We request use of FutureGrid to run a instances of the bioKepler VM, originally developed on EC2.  

Intellectual Merit

bioKepler is a three year long project that builds scientific workflow components to execute a set of bioinformatics tools using distributed execution patterns. Once customized, these components are executed on multiple distributed platforms including various Cloud and Grid computing platforms. In addition, we deliver virtual machines including a Kepler engine and all bioinformatics tools and applications we are building components for in bioKepler.

Broader Impacts

Technologies like scientific workflows and data-intensive computing promise new capabilities to enable rapid analysis of these next-generation sequence data. These technologies, when used together in an integrative architecture, have great promise to serve many projects with similar needs on the emerging distributed data-intensive computing resources.

Scale of Use

Start up 28 instances of biokepler VM for use during workshop.

Results

The workshop went well with the virtual instances with a few hiccups. As Koji suggested, I tried to start instances one or two days before the workshop. I met a few kinds of errors (one returns error message directly after the start-instance command, another shows the instance status is error and I cannot login). In the end, I was able to start 28 instances and can access every instance.

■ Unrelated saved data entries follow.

(* Consider the generative logic with $\mu\to1$ in the setting below. Let $\Delta$ be a finite multiset of time-indexed formulas such that $E'(\Delta)\neq\emptyset$. Then for every $k\in\{1,\dots,K\}$, $$p(D=d_k\mid\Delta)=\begin{cases}\frac{1}{|E'(\Delta)|}&\text{if }k\in E'(\Delta),\\ 0&\text{otherwise.}\end{cases}$$
   Context: Let $\mathcal{L}$ be a propositional language and let $K,T\ge1$. There are data sequences $d_1,\dots,d_K$; repetitions are allowed, and data are identified by their index $k$. Each $d_k$ is associated with a sequence of models $m(d_k)=(m(d_k)^1,\dots,m(d_k)^T)$ of $\mathcal{L}$. The prior is $p(D=d_k)=1/K$. A time-indexed formula is written $\alpha^t$, with $\alpha\in\mathcal{L}$ and $1\le t\le T$. Write $[\![\alpha^t]\!]_k=1$ if $\alpha$ is true in $m(d_k)^t$, and $0$ otherwise. For $\mu\in(0,1)$ and a finite multiset $X$ of time-indexed formulas, define $$p(X\mid d_k,\mu)=\prod_{\alpha^t\in X}\mu^{[\![\alpha^t]\!]_k}(1-\mu)^{1-[\![\alpha^t]\!]_k}.$$ Then define $$p(D=d_k\mid\Delta)=\lim_{\mu\to1}\frac{p(\Delta\mid d_k,\mu)\,p(d_k)}{\sum_j p(\Delta\mid d_j,\mu)\,p(d_j)}.$$ An index $k$ is an evidence of $X$ if $[\![\alpha^t]\!]_k=1$ for all $\alpha^t\in X$. Let $E(X)$ be the set of such indices. $X$ is called founded if $E(X)\neq\emptyset$. Let $MFS(\Delta)$ be the set of nonempty founded sub-multisets $S\subseteq\Delta$ that have maximum cardinality among all nonempty founded sub-multisets of $\Delta$. Set $E'(\Delta)=\bigcup_{S\in MFS(\Delta)}E(S)$. This union is empty if $MFS(\Delta)=\emptyset$. *)

From HB Require Import structures.
From mathcomp Require Import all_boot all_order all_algebra.
From mathcomp Require Import all_classical all_reals all_analysis.
Set Implicit Arguments. Unset Strict Implicit. Unset Printing Implicit Defensive.
Import Order.TTheory GRing.Theory Num.Theory.
Local Open Scope ring_scope.

Inductive form (A : Type) : Type :=
| Atom of A
| Bot
| Neg of form A
| And of form A & form A
| Or of form A & form A
| Imp of form A & form A.

Definition model (A : Type) := A -> bool.

Fixpoint sat (A : Type) (w : model A) (f : form A) : bool :=
  match f with
  | Atom a => w a
  | Bot => false
  | Neg g => ~~ sat w g
  | And g h => sat w g && sat w h
  | Or g h => sat w g || sat w h
  | Imp g h => sat w g ==> sat w h
  end.

(* Time-indexed formula alpha^t with t : 'I_T (i.e. times 1..T as 0..T-1). *)
Definition tform (A : Type) (T : nat) := (form A * 'I_T)%type.

(* Data d_1..d_K as indices k : 'I_K; [m k t] is the model m(d_k)^t. *)

Definition den (A : Type) (K T : nat) (m : 'I_K -> 'I_T -> model A)
  (x : tform A T) (k : 'I_K) : nat := sat (m k x.2) x.1.

(* p(X | d_k, mu); finite multisets are represented by sequences. *)
Definition lik (R : realType) (A : Type) (K T : nat)
  (m : 'I_K -> 'I_T -> model A) (X : seq (tform A T)) (k : 'I_K) (mu : R) : R :=
  \prod_(x <- X) (mu ^+ den m x k * (1 - mu) ^+ (1 - den m x k)).

(* The expression inside the limit defining p(D = d_k | Delta), with prior 1/K. *)
Definition post_mu (R : realType) (A : Type) (K T : nat)
  (m : 'I_K -> 'I_T -> model A) (Delta : seq (tform A T)) (k : 'I_K) (mu : R) : R :=
  lik m Delta k mu * (K%:R)^-1 / \sum_(j < K) lik m Delta j mu * (K%:R)^-1.

Definition evid (A : Type) (K T : nat) (m : 'I_K -> 'I_T -> model A)
  (X : seq (tform A T)) : {set 'I_K} :=
  [set k | all (fun x => sat (m k x.2) x.1) X].

Definition founded (A : Type) (K T : nat) (m : 'I_K -> 'I_T -> model A)
  (X : seq (tform A T)) : bool := evid m X != finset.set0.

(* Sub-multisets of Delta are the [mask b Delta] for b a bit-vector of
   length size Delta (selection of positions). *)
Definition subms (A : Type) (T : nat) (Delta : seq (tform A T))
  (b : (size Delta).-tuple bool) : seq (tform A T) := mask b Delta.
Arguments subms {A T} Delta b.

Definition in_MFS (A : Type) (K T : nat) (m : 'I_K -> 'I_T -> model A)
  (Delta : seq (tform A T)) (b : (size Delta).-tuple bool) : bool :=
  [&& (0 < size (subms Delta b))%N, founded m (subms Delta b) &
      [forall b' : (size Delta).-tuple bool,
         (0 < size (subms Delta b'))%N && founded m (subms Delta b') ==>
         (size (subms Delta b') <= size (subms Delta b))%N]].

Arguments in_MFS {A K T} m Delta b.

Definition Eprime (A : Type) (K T : nat) (m : 'I_K -> 'I_T -> model A)
  (Delta : seq (tform A T)) : {set 'I_K} :=
  \bigcup_(b : (size Delta).-tuple bool | in_MFS m Delta b) evid m (subms Delta b).

(** The likelihood of datum [d_j] is [mu ^ s_j * (1 - mu) ^ (|Delta| - s_j)], where
    [s_j] counts the formulas of [Delta] true at [d_j].  Dividing numerator and
    denominator of the posterior by [(1 - mu) ^ (|Delta| - M)], with [M] the largest
    [s_j], leaves polynomials in [mu] whose value at [1] is [1] if [s_j = M] and [0]
    otherwise, so the posterior tends to the uniform distribution on the data with
    maximal [s_j].  These are exactly the evidences of the maximal founded
    sub-multisets: the formulas true at [d_j] form a founded sub-multiset of size
    [s_j], and every founded sub-multiset with evidence [d_j] has size at most [s_j]. *)
From HB Require Import structures.
From mathcomp Require Import all_boot all_order all_algebra.
From mathcomp Require Import all_classical all_reals all_analysis.
From mathcomp Require Import ring zify.
Set Implicit Arguments.
Unset Strict Implicit.
Unset Printing Implicit Defensive.
Import Order.TTheory GRing.Theory Num.Theory.
Import numFieldNormedType.Exports.
Local Open Scope ring_scope.
Local Open Scope classical_set_scope.

Lemma size_mask_all_le (X : Type) (q : pred X) (s : seq X) (b : bitseq) :
  all q (mask b s) -> (size (mask b s) <= count q s)%N.
Proof.
elim: s b => [|x s IHs] [|[] b] //= => [/andP[-> /IHs]|/IHs le_count] //.
exact: leq_trans le_count (leq_addl _ _).
Qed.

Section MaxExponentRatio.

Variables (R : realType) (I : finType) (a : I -> nat) (n : nat).
Hypothesis a_le : forall j, (a j <= n)%N.

Let M := (\max_j a j)%N.

Let w j : {poly R} := 'X ^+ a j * (1 - 'X) ^+ (M - a j).

Let hornerw j x : (w j).[x] = x ^+ a j * (1 - x) ^+ (M - a j).
Proof. by rewrite hornerM !horner_exp hornerD hornerN hornerX hornerC. Qed.

Let w1 j : (w j).[1] = (a j == M)%:R.
Proof.
by rewrite hornerw expr1n mul1r subrr expr0n subn_eq0 eqn_leq leq_bigmax.
Qed.

Let sum_w1 : (\sum_j w j).[1] = #|[set j | a j == M]%SET|%:R.
Proof.
rewrite horner_sum (eq_bigr _ (fun j _ => w1 j)) -natr_sum.
rewrite -sum1_card; congr _%:R; rewrite [RHS]big_mkcond.
by apply: eq_bigr => j _; rewrite inE; case: (a j == M).
Qed.

Let weight_factor j (x : R) :
  x ^+ a j * (1 - x) ^+ (n - a j) = (1 - x) ^+ (n - M) * (w j).[x].
Proof.
rewrite hornerw mulrCA -exprD; congr (_ * _ ^+ _).
have M_le_n : (M <= n)%N by apply/bigop.bigmax_leqP.
have := @leq_bigmax _ a j; rewrite -/M; lia.
Qed.

Lemma cvg_max_exponent_ratio (k : I) :
  (fun x : R => x ^+ a k * (1 - x) ^+ (n - a k) /
                \sum_j x ^+ a j * (1 - x) ^+ (n - a j)) @ at_left 1 -->
  (if a k == M then (#|[set j | a j == M]%SET|%:R)^-1 else 0 : R^o).
Proof.
have sum_w1_neq0 : (\sum_j w j).[1] != 0.
  rewrite sum_w1 pnatr_eq0 -lt0n; apply/card_gt0P.
  have I_gt0 : (0 < #|I|)%N by apply/card_gt0P; exists k.
  have [j0 M_eq] := bigop.eq_bigmax a I_gt0.
  by exists j0; rewrite inE /M M_eq.
have -> : (if a k == M then (#|[set j | a j == M]%SET|%:R)^-1 else 0 : R^o)
          = (w k).[1] / (\sum_j w j).[1].
  by rewrite w1 sum_w1; case: (a k == M); rewrite ?mul1r ?mul0r.
have ratio_cont : (fun x => (w k).[x] / (\sum_j w j).[x]) @ (1 : R) -->
                   ((w k).[1] / (\sum_j w j).[1] : R^o).
  by apply: cvgM; [|apply: cvgV => //]; exact: continuous_horner.
apply: cvg_trans (cvg_at_left_filter ratio_cont).
apply: near_eq_cvg; near=> x.
have x_neq1 : (1 - x) ^+ (n - M) != 0.
  rewrite expf_neq0 // subr_eq0 eq_sym; near: x; exact: nbhs_left_neq.
rewrite /= weight_factor (eq_bigr _ (fun j _ => weight_factor j x)).
by rewrite -mulr_sumr horner_sum invfM mulrACA divff // mul1r.
Unshelve. all: end_near.
Qed.

End MaxExponentRatio.

Definition nsat (A : Type) (K T : nat) (m : 'I_K -> 'I_T -> model A)
  (X : seq (tform A T)) (j : 'I_K) : nat := count (fun x => sat (m j x.2) x.1) X.

Lemma likE (R : realType) (A : Type) (K T : nat)
  (m : 'I_K -> 'I_T -> model A) (X : seq (tform A T)) (j : 'I_K) (mu : R) :
  lik m X j mu = mu ^+ nsat m X j * (1 - mu) ^+ (size X - nsat m X j).
Proof.
rewrite /lik /nsat; elim: X => [|x X IHX]; first by rewrite big_nil mulr1.
rewrite big_cons IHX /den /=.
have := count_size (fun x => sat (m j x.2) x.1) X.
case: (sat (m j x.2) x.1) => /= le_size.
  by rewrite subnn expr1 mulr1 mulrA -exprS add1n subSS.
by rewrite subn0 expr1 add0n subSn // exprS; ring.
Qed.

Lemma post_muE (R : realType) (A : Type) (K T : nat)
  (m : 'I_K -> 'I_T -> model A) (Delta : seq (tform A T)) (k : 'I_K) (mu : R) :
  post_mu m Delta k mu = lik m Delta k mu / \sum_(j < K) lik m Delta j mu.
Proof.
have K_neq0 : (K%:R : R)^-1 != 0.
  by rewrite invr_eq0 pnatr_eq0 -lt0n (leq_ltn_trans _ (ltn_ord k)).
by rewrite /post_mu -mulr_suml invfM mulrACA divff // mulr1.
Qed.

Section MaximalFoundedSubmultisets.

Variables (A : Type) (K T : nat) (m : 'I_K -> 'I_T -> model A).
Variable Delta : seq (tform A T).

Let s := nsat m Delta.
Let M := (\max_j s j)%N.

Lemma size_subms_le b j :
  j \in evid m (subms Delta b) -> (size (subms Delta b) <= s j)%N.
Proof. by rewrite inE; exact: size_mask_all_le. Qed.

Definition sat_mask j : (size Delta).-tuple bool :=
  map_tuple (fun x => sat (m j x.2) x.1) (in_tuple Delta).

Lemma subms_sat_mask j :
  subms Delta (sat_mask j) = seq.filter (fun x => sat (m j x.2) x.1) Delta.
Proof. by rewrite /subms filter_mask. Qed.

Lemma size_sat_mask j : size (subms Delta (sat_mask j)) = s j.
Proof. by rewrite subms_sat_mask size_filter. Qed.

Lemma evid_sat_mask j : j \in evid m (subms Delta (sat_mask j)).
Proof. by rewrite inE subms_sat_mask filter_all. Qed.

Lemma in_MFS_size b : in_MFS m Delta b -> size (subms Delta b) = M.
Proof.
case/and3P => size_gt0 /set0Pn[j0 ev_j0] /forallP maximal.
have K_gt0 : (0 < #|'I_K|)%N by apply/card_gt0P; exists j0.
have [j M_eq] := bigop.eq_bigmax s K_gt0.
have le_M : (size (subms Delta b) <= M)%N.
  exact: leq_trans (size_subms_le ev_j0) (leq_bigmax _).
apply/eqP; rewrite eqn_leq le_M /M M_eq -size_sat_mask.
apply: (implyP (maximal _)).
rewrite size_sat_mask -M_eq (leq_trans size_gt0 le_M) /=.
by apply/set0Pn; exists j; exact: evid_sat_mask.
Qed.

Lemma Eprime_argmax :
  Eprime m Delta != finset.set0 -> Eprime m Delta = [set j | s j == M]%SET.
Proof.
case/set0Pn => j0 /bigcupP[b0 MFS_b0 _].
have M_gt0 : (0 < M)%N by rewrite -(in_MFS_size MFS_b0); case/and3P: MFS_b0.
apply/setP => j; rewrite inE; apply/bigcupP/eqP => [[b MFS_b ev_j]|s_j].
  by apply/eqP; rewrite eqn_leq leq_bigmax -(in_MFS_size MFS_b) size_subms_le.
exists (sat_mask j); last exact: evid_sat_mask.
apply/and3P; split; rewrite ?size_sat_mask ?s_j //.
  by apply/set0Pn; exists j; exact: evid_sat_mask.
apply/forallP => b; apply/implyP => /andP[_ /set0Pn[j' ev_j']].
exact: leq_trans (size_subms_le ev_j') (leq_bigmax _).
Qed.

End MaximalFoundedSubmultisets.

Theorem theorem3 (R : realType) (A : Type) (K T : nat)
  (hK : (0 < K)%N) (hT : (0 < T)%N)
  (m : 'I_K -> 'I_T -> model A) (Delta : seq (tform A T))
  (hE : Eprime m Delta != finset.set0) (k : 'I_K) :
  (fun mu : R => post_mu m Delta k mu) @ at_left (1 : R) -->
    (if k \in Eprime m Delta then (#|Eprime m Delta|%:R)^-1 else 0 : R^o).
Proof.
rewrite (Eprime_argmax hE) inE.
under eq_fun => mu do rewrite post_muE likE (eq_bigr _ (fun j _ => likE m Delta j mu)).
by apply: cvg_max_exponent_ratio => j; exact: count_size.
Qed.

The instances kept running correctly in the first morning of the workshop. Yet suddenly, all my instances are gone around lunch time. So in the afternoon, I restarted 24 instances.  I didn't see any error. This time, I didn't get enough time to test all instances. During the hands-on session the afternoon of the second day (Yesterday), I let attendees to access the instances. Quite a few (around five) cannot ssh into their instances. The instances show correct public IP address but ssh shows no route to reach them. I had to let some members of our host team to give their instances for other attendees. The good thing is that all instances that we can access work well throughout the afternoon session.

A list of attendees can be found at http://swat.sdsc.edu/biokepler/workshops/2012-sep#info.